## TASK DATA
(* u = delta_1 on T : u_r -> delta_1 in D'(T) as r -> 1. *)
Definition bv_delta1 (u : R -> R -> R) : Prop :=
  forall phi, test_fun phi ->
    filterlim (fun r => pair_r u r phi) (at_left 1) (locally (delta1 phi)).

(* d_n u = 0 on T : (u_r - delta_1)/(1 - r) -> 0 in D'(T). *)
Definition normal_deriv_zero (u : R -> R -> R) : Prop :=
  forall phi, test_fun phi ->
    filterlim (fun r => (pair_r u r phi - delta1 phi) / (1 - r))
      (at_left 1) (locally 0).

Definition is_poisson_kernel (gamma : R) (u : R -> R -> R) : Prop :=
  smooth_in_disc u /\
  (forall x y, in_disc x y ->
     Delta (fun a b => / w gamma a b * Delta u a b) x y = 0) /\
  bv_delta1 u /\
  normal_deriv_zero u.

Definition F2_formula (x y : R) : R :=
  let s := 1 - (x ^ 2 + y ^ 2) in
  let d := (1 - x) ^ 2 + y ^ 2 in
  / 2 * (s ^ 4 / d) + 3 / 2 * (s ^ 5 / d ^ 2) - 3 / 2 * (s ^ 4 / d ^ 2)
  + 3 / 2 * (s ^ 6 / d ^ 3) - 3 / 2 * (s ^ 5 / d ^ 3) + / 2 * (s ^ 7 / d ^ 4).

(* F_2 is a polynomial in x, y, s = 1 - |z|^2 and 1/d, d = |1 - z|^2. This class is closed
   under d/dx and d/dy with explicit rules, so smoothness and Delta (w_2^{-1} Delta F_2) = 0
   reduce to identities between rational functions.
   On the circle of radius r, F_2 depends only on r and cos t. It differs from the Poisson
   kernel P_r by the t-derivative of sin t * g(r, cos t), so it has mean 1, and being even it
   annihilates sin t. Pairing with phi therefore only sees phi(t) - phi(0) - phi'(0) sin t,
   which is O(t^2) = O(1 - cos t), and |F_2| (1 - cos t) <= C (1 - r)^2 P_r. So the pairing
   is phi(0) + O((1 - r)^2), which gives both boundary conditions. *)

From Pilot Require Import Defs.
From Stdlib Require Import Reals List Lra.
From Coquelicot Require Import Coquelicot.
Import ListNotations.
Open Scope R_scope.

Lemma continuous_pow_fun {U : UniformSpace} (f : U -> R) (p : U) (n : nat) :
  continuous f p -> continuous (fun q => f q ^ n) p.
Proof.
  intros Hf; induction n as [|n IH]; simpl.
  - apply continuous_const.
  - now apply (continuous_mult f).
Qed.

Lemma locally_lt_of_continuous {U : UniformSpace} (f : U -> R) (p : U) (m : R) :
  continuous f p -> f p < m -> locally p (fun q => f q < m).
Proof. intros Hf Hp. apply (Hf (fun u => u < m)), open_lt, Hp. Qed.

Lemma sin_cos_pow2 t : sin t ^ 2 + cos t ^ 2 = 1.
Proof. rewrite <- (sin2_cos2 t). unfold Rsqr. ring. Qed.

Lemma is_derive_eq (f : R -> R) x l l' : is_derive f x l -> l = l' -> is_derive f x l'.
Proof. now intros H <-. Qed.

Lemma is_derive_sin_mul_comp_cos (g : R -> R) t l :
  is_derive g (cos t) l ->
  is_derive (fun t => sin t * g (cos t)) t (cos t * g (cos t) - (1 - cos t ^ 2) * l).
Proof.
  intros Hg. eapply is_derive_eq.
  - apply (is_derive_mult sin (fun t => g (cos t))).
    + apply is_derive_sin.
    + apply (is_derive_comp g cos); [exact Hg | apply is_derive_cos].
    + intros; apply Rmult_comm.
  - replace (1 - cos t ^ 2) with (sin t ^ 2) by (rewrite <- (sin_cos_pow2 t); ring).
    unfold plus, scal, mult; simpl. unfold mult; simpl. ring.
Qed.

Lemma is_RInt_odd_zero (f : R -> R) a l :
  (forall t, f (- t) = - f t) -> is_RInt f (- a) a l -> l = 0.
Proof.
  intros Hodd Hf.
  assert (Hrev : is_RInt (fun t => opp (f (- t))) a (- a) l).
  { apply (is_RInt_comp_opp (V := R_NormedModule) f a (- a)).
    now rewrite Ropp_involutive. }
  apply (is_RInt_ext _ f) in Hrev; [| intros t _; rewrite Hodd; unfold opp; simpl; ring].
  pose proof (is_RInt_unique _ _ _ _ Hf) as E1.
  pose proof (is_RInt_unique _ _ _ _ (is_RInt_swap _ _ _ _ Hrev)) as E2.
  rewrite E1 in E2. change (l = - l) in E2. lra.
Qed.

Lemma sqr_le_one_minus_cos t : - PI <= t <= PI -> t ^ 2 <= 16 * (1 - cos t).
Proof.
  assert (Hpos : forall t, 0 <= t <= PI -> t ^ 2 <= 16 * (1 - cos t)).
  { clear t. intros t Ht. pose proof PI_4. pose proof (pow2_ge_0 t).
    destruct (Rle_lt_dec t 2) as [Ht2 | Ht2].
    - (* cos t <= 1 - t^2/2 + t^4/24, from the alternating Taylor series *)
      destruct (pre_cos_bound t 0) as [_ Hc]; [lra | lra |].
      unfold cos_approx, cos_term in Hc. simpl in Hc.
      assert (t ^ 4 <= 4 * t ^ 2).
      { replace (t ^ 4) with (t ^ 2 * t ^ 2) by ring.
        apply Rmult_le_compat_r; [lra | nra]. }
      assert (cos t <= 1 - t ^ 2 / 2 + t ^ 4 / 24)
        by (eapply Rle_trans; [exact Hc | right; field]).
      lra.
    - assert (cos t <= 0) by (apply cos_le_0; lra). nra. }
  intros Ht. destruct (Rle_lt_dec 0 t); [apply Hpos; lra|].
  replace (t ^ 2) with ((- t) ^ 2) by ring. rewrite <- (cos_neg t). apply Hpos; lra.
Qed.

Lemma abs_le_of_second_derive_bound (g g1 g2 : R -> R) a B :
  (forall x, is_derive g x (g1 x)) -> (forall x, is_derive g1 x (g2 x)) ->
  g 0 = 0 -> g1 0 = 0 -> (forall x, - a <= x <= a -> Rabs (g2 x) <= B) ->
  forall t, - a <= t <= a -> Rabs (g t) <= B * t ^ 2.
Proof.
  intros Hg Hg1 Hg0 Hg10 HB t Ht.
  assert (Hcont : forall (f df : R -> R), (forall x, is_derive f x (df x)) ->
            forall x, continuity_pt f x).
  { intros f df Hf x. apply continuity_pt_filterlim, (ex_derive_continuous f).
    eexists; apply Hf. }
  destruct (MVT_gen g 0 t g1) as [c [Hc Ec]];
    [intros; apply Hg | intros; now apply (Hcont g g1)|].
  destruct (MVT_gen g1 0 c g2) as [e [He Ee]];
    [intros; apply Hg1 | intros; now apply (Hcont g1 g2)|].
  rewrite Hg0, Rminus_0_r in Ec. rewrite Hg10, Rminus_0_r in Ee.
  rewrite Ec, Ee, !Rminus_0_r.
  assert (Hct : Rabs c <= Rabs t /\ - a <= e <= a).
  { unfold Rmin, Rmax in *.
    destruct (Rle_dec 0 t), (Rle_dec 0 c); split;
      rewrite ?(Rabs_right c), ?(Rabs_left c), ?(Rabs_right t), ?(Rabs_left t) by lra; lra. }
  destruct Hct as [Hct He'].
  rewrite !Rabs_mult. specialize (HB e He').
  replace (t ^ 2) with (Rabs t * Rabs t) by (rewrite <- Rabs_mult, Rabs_right; [ring | nra]).
  pose proof (Rabs_pos c). pose proof (Rabs_pos t). pose proof (Rabs_pos (g2 e)).
  rewrite <- Rmult_assoc. apply Rmult_le_compat; nra.
Qed.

## WHAT YOU NEED TO DO
Return, word for word, the lines from the one containing "eexists; apply Hf." through the end of the data above, both ends included, and nothing else.

## OUTPUT FOR THIS TASK
    eexists; apply Hf. }
  destruct (MVT_gen g 0 t g1) as [c [Hc Ec]];
    [intros; apply Hg | intros; now apply (Hcont g g1)|].
  destruct (MVT_gen g1 0 c g2) as [e [He Ee]];
    [intros; apply Hg1 | intros; now apply (Hcont g1 g2)|].
  rewrite Hg0, Rminus_0_r in Ec. rewrite Hg10, Rminus_0_r in Ee.
  rewrite Ec, Ee, !Rminus_0_r.
  assert (Hct : Rabs c <= Rabs t /\ - a <= e <= a).
  { unfold Rmin, Rmax in *.
    destruct (Rle_dec 0 t), (Rle_dec 0 c); split;
      rewrite ?(Rabs_right c), ?(Rabs_left c), ?(Rabs_right t), ?(Rabs_left t) by lra; lra. }
  destruct Hct as [Hct He'].
  rewrite !Rabs_mult. specialize (HB e He').
  replace (t ^ 2) with (Rabs t * Rabs t) by (rewrite <- Rabs_mult, Rabs_right; [ring | nra]).
  pose proof (Rabs_pos c). pose proof (Rabs_pos t). pose proof (Rabs_pos (g2 e)).
  rewrite <- Rmult_assoc. apply Rmult_le_compat; nra.
Qed.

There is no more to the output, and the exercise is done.